■ **Problem to solve**
The entries that follow should be written out exactly.

Records from a data source
++++++++++++++++++++

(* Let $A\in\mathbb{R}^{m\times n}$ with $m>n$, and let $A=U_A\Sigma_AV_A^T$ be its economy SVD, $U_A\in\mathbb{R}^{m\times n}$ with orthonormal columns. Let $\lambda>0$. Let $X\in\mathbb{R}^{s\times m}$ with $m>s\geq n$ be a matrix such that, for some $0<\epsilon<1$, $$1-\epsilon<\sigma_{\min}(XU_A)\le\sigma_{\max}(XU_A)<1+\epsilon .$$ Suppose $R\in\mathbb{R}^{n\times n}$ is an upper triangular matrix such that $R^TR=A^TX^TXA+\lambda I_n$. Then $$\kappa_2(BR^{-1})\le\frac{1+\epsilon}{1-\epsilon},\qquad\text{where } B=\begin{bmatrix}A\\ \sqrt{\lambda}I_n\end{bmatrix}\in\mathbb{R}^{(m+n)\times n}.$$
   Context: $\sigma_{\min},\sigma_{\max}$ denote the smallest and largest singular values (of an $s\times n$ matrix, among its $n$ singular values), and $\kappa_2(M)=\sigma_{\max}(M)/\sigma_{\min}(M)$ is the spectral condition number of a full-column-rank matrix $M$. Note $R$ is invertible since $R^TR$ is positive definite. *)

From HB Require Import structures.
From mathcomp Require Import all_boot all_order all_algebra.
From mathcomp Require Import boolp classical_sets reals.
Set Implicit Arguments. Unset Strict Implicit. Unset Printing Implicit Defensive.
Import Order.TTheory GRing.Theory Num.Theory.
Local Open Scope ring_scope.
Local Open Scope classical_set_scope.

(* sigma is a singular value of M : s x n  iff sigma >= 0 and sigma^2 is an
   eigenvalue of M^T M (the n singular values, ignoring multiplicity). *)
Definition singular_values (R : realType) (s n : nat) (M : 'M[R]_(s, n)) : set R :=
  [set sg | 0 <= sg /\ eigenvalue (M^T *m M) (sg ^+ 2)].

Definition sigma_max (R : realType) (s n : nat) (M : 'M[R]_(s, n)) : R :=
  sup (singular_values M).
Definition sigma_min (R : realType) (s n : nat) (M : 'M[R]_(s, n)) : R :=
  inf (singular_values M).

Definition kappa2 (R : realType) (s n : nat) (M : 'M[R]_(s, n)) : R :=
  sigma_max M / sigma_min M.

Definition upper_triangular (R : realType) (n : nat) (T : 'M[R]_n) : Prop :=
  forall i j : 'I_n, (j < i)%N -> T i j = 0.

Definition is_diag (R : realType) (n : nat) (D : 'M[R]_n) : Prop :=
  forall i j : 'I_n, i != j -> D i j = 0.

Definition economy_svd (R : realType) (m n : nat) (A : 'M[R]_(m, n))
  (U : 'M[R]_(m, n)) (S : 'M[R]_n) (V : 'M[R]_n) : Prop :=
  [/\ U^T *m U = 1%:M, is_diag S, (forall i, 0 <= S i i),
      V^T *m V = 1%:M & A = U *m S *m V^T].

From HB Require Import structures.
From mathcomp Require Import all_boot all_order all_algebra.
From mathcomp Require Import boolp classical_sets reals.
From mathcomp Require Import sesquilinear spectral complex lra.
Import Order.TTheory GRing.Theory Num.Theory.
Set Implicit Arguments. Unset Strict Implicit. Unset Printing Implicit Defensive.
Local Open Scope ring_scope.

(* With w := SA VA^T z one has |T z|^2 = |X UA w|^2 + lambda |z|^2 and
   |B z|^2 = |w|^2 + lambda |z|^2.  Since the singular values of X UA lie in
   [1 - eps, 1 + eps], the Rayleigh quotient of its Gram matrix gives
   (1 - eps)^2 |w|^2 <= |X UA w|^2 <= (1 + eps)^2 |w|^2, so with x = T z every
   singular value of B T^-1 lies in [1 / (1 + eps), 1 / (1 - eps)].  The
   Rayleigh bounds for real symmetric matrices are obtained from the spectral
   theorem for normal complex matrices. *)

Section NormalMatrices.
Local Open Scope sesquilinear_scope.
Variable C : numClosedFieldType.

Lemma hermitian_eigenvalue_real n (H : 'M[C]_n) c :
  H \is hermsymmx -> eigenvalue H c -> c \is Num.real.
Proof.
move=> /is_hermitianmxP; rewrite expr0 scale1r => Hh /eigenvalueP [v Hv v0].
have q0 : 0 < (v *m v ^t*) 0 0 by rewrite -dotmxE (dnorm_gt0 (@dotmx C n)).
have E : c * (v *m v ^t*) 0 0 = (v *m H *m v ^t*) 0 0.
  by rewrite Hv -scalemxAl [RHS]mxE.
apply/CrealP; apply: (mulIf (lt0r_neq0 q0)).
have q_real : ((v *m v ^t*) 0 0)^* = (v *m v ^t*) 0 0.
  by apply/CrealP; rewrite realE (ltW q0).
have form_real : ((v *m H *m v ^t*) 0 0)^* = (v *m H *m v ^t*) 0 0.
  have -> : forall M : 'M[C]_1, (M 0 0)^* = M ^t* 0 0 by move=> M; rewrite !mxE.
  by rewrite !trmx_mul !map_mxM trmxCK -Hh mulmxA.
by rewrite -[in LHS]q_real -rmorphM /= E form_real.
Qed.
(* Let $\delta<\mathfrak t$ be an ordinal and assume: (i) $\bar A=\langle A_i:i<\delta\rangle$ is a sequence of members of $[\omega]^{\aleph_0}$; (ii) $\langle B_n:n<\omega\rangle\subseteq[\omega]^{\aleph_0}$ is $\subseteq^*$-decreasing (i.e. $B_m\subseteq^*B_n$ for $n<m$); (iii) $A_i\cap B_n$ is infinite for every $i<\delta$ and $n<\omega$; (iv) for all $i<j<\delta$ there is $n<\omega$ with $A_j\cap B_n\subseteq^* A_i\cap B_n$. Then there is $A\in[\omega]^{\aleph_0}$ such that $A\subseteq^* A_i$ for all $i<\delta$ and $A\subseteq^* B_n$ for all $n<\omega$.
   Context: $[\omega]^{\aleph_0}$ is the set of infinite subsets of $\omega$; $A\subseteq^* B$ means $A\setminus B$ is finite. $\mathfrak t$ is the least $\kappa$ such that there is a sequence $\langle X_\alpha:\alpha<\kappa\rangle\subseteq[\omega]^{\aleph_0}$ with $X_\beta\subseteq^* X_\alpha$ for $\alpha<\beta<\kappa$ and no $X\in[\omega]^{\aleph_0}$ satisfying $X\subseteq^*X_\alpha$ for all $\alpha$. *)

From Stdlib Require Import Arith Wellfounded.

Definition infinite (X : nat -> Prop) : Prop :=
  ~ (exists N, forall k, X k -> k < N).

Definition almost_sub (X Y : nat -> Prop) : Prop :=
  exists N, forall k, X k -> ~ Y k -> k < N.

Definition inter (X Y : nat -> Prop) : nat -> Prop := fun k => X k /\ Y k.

++++++++++++++++++++

■ **Response to the task**
(* Let $A\in\mathbb{R}^{m\times n}$ with $m>n$, and let $A=U_A\Sigma_AV_A^T$ be its economy SVD, $U_A\in\mathbb{R}^{m\times n}$ with orthonormal columns. Let $\lambda>0$. Let $X\in\mathbb{R}^{s\times m}$ with $m>s\geq n$ be a matrix such that, for some $0<\epsilon<1$, $$1-\epsilon<\sigma_{\min}(XU_A)\le\sigma_{\max}(XU_A)<1+\epsilon .$$ Suppose $R\in\mathbb{R}^{n\times n}$ is an upper triangular matrix such that $R^TR=A^TX^TXA+\lambda I_n$. Then $$\kappa_2(BR^{-1})\le\frac{1+\epsilon}{1-\epsilon},\qquad\text{where } B=\begin{bmatrix}A\\ \sqrt{\lambda}I_n\end{bmatrix}\in\mathbb{R}^{(m+n)\times n}.$$
   Context: $\sigma_{\min},\sigma_{\max}$ denote the smallest and largest singular values (of an $s\times n$ matrix, among its $n$ singular values), and $\kappa_2(M)=\sigma_{\max}(M)/\sigma_{\min}(M)$ is the spectral condition number of a full-column-rank matrix $M$. Note $R$ is invertible since $R^TR$ is positive definite. *)

From HB Require Import structures.
From mathcomp Require Import all_boot all_order all_algebra.
From mathcomp Require Import boolp classical_sets reals.
Set Implicit Arguments. Unset Strict Implicit. Unset Printing Implicit Defensive.
Import Order.TTheory GRing.Theory Num.Theory.
Local Open Scope ring_scope.
Local Open Scope classical_set_scope.

(* sigma is a singular value of M : s x n  iff sigma >= 0 and sigma^2 is an
   eigenvalue of M^T M (the n singular values, ignoring multiplicity). *)
Definition singular_values (R : realType) (s n : nat) (M : 'M[R]_(s, n)) : set R :=
  [set sg | 0 <= sg /\ eigenvalue (M^T *m M) (sg ^+ 2)].

Definition sigma_max (R : realType) (s n : nat) (M : 'M[R]_(s, n)) : R :=
  sup (singular_values M).
Definition sigma_min (R : realType) (s n : nat) (M : 'M[R]_(s, n)) : R :=
  inf (singular_values M).

Definition kappa2 (R : realType) (s n : nat) (M : 'M[R]_(s, n)) : R :=
  sigma_max M / sigma_min M.

Definition upper_triangular (R : realType) (n : nat) (T : 'M[R]_n) : Prop :=
  forall i j : 'I_n, (j < i)%N -> T i j = 0.

Definition is_diag (R : realType) (n : nat) (D : 'M[R]_n) : Prop :=
  forall i j : 'I_n, i != j -> D i j = 0.

Definition economy_svd (R : realType) (m n : nat) (A : 'M[R]_(m, n))
  (U : 'M[R]_(m, n)) (S : 'M[R]_n) (V : 'M[R]_n) : Prop :=
  [/\ U^T *m U = 1%:M, is_diag S, (forall i, 0 <= S i i),
      V^T *m V = 1%:M & A = U *m S *m V^T].

From HB Require Import structures.
From mathcomp Require Import all_boot all_order all_algebra.
From mathcomp Require Import boolp classical_sets reals.
From mathcomp Require Import sesquilinear spectral complex lra.
Import Order.TTheory GRing.Theory Num.Theory.
Set Implicit Arguments. Unset Strict Implicit. Unset Printing Implicit Defensive.
Local Open Scope ring_scope.

(* With w := SA VA^T z one has |T z|^2 = |X UA w|^2 + lambda |z|^2 and
   |B z|^2 = |w|^2 + lambda |z|^2.  Since the singular values of X UA lie in
   [1 - eps, 1 + eps], the Rayleigh quotient of its Gram matrix gives
   (1 - eps)^2 |w|^2 <= |X UA w|^2 <= (1 + eps)^2 |w|^2, so with x = T z every
   singular value of B T^-1 lies in [1 / (1 + eps), 1 / (1 - eps)].  The
   Rayleigh bounds for real symmetric matrices are obtained from the spectral
   theorem for normal complex matrices. *)

Section NormalMatrices.
Local Open Scope sesquilinear_scope.
Variable C : numClosedFieldType.

Lemma hermitian_eigenvalue_real n (H : 'M[C]_n) c :
  H \is hermsymmx -> eigenvalue H c -> c \is Num.real.
Proof.
move=> /is_hermitianmxP; rewrite expr0 scale1r => Hh /eigenvalueP [v Hv v0].
have q0 : 0 < (v *m v ^t*) 0 0 by rewrite -dotmxE (dnorm_gt0 (@dotmx C n)).
have E : c * (v *m v ^t*) 0 0 = (v *m H *m v ^t*) 0 0.
  by rewrite Hv -scalemxAl [RHS]mxE.
apply/CrealP; apply: (mulIf (lt0r_neq0 q0)).
have q_real : ((v *m v ^t*) 0 0)^* = (v *m v ^t*) 0 0.
  by apply/CrealP; rewrite realE (ltW q0).
have form_real : ((v *m H *m v ^t*) 0 0)^* = (v *m H *m v ^t*) 0 0.
  have -> : forall M : 'M[C]_1, (M 0 0)^* = M ^t* 0 0 by move=> M; rewrite !mxE.
  by rewrite !trmx_mul !map_mxM trmxCK -Hh mulmxA.
by rewrite -[in LHS]q_real -rmorphM /= E form_real.
Qed.
(* Let $\delta<\mathfrak t$ be an ordinal and assume: (i) $\bar A=\langle A_i:i<\delta\rangle$ is a sequence of members of $[\omega]^{\aleph_0}$; (ii) $\langle B_n:n<\omega\rangle\subseteq[\omega]^{\aleph_0}$ is $\subseteq^*$-decreasing (i.e. $B_m\subseteq^*B_n$ for $n<m$); (iii) $A_i\cap B_n$ is infinite for every $i<\delta$ and $n<\omega$; (iv) for all $i<j<\delta$ there is $n<\omega$ with $A_j\cap B_n\subseteq^* A_i\cap B_n$. Then there is $A\in[\omega]^{\aleph_0}$ such that $A\subseteq^* A_i$ for all $i<\delta$ and $A\subseteq^* B_n$ for all $n<\omega$.
   Context: $[\omega]^{\aleph_0}$ is the set of infinite subsets of $\omega$; $A\subseteq^* B$ means $A\setminus B$ is finite. $\mathfrak t$ is the least $\kappa$ such that there is a sequence $\langle X_\alpha:\alpha<\kappa\rangle\subseteq[\omega]^{\aleph_0}$ with $X_\beta\subseteq^* X_\alpha$ for $\alpha<\beta<\kappa$ and no $X\in[\omega]^{\aleph_0}$ satisfying $X\subseteq^*X_\alpha$ for all $\alpha$. *)

From Stdlib Require Import Arith Wellfounded.

Definition infinite (X : nat -> Prop) : Prop :=
  ~ (exists N, forall k, X k -> k < N).

Definition almost_sub (X Y : nat -> Prop) : Prop :=
  exists N, forall k, X k -> ~ Y k -> k < N.

Definition inter (X Y : nat -> Prop) : nat -> Prop := fun k => X k /\ Y k.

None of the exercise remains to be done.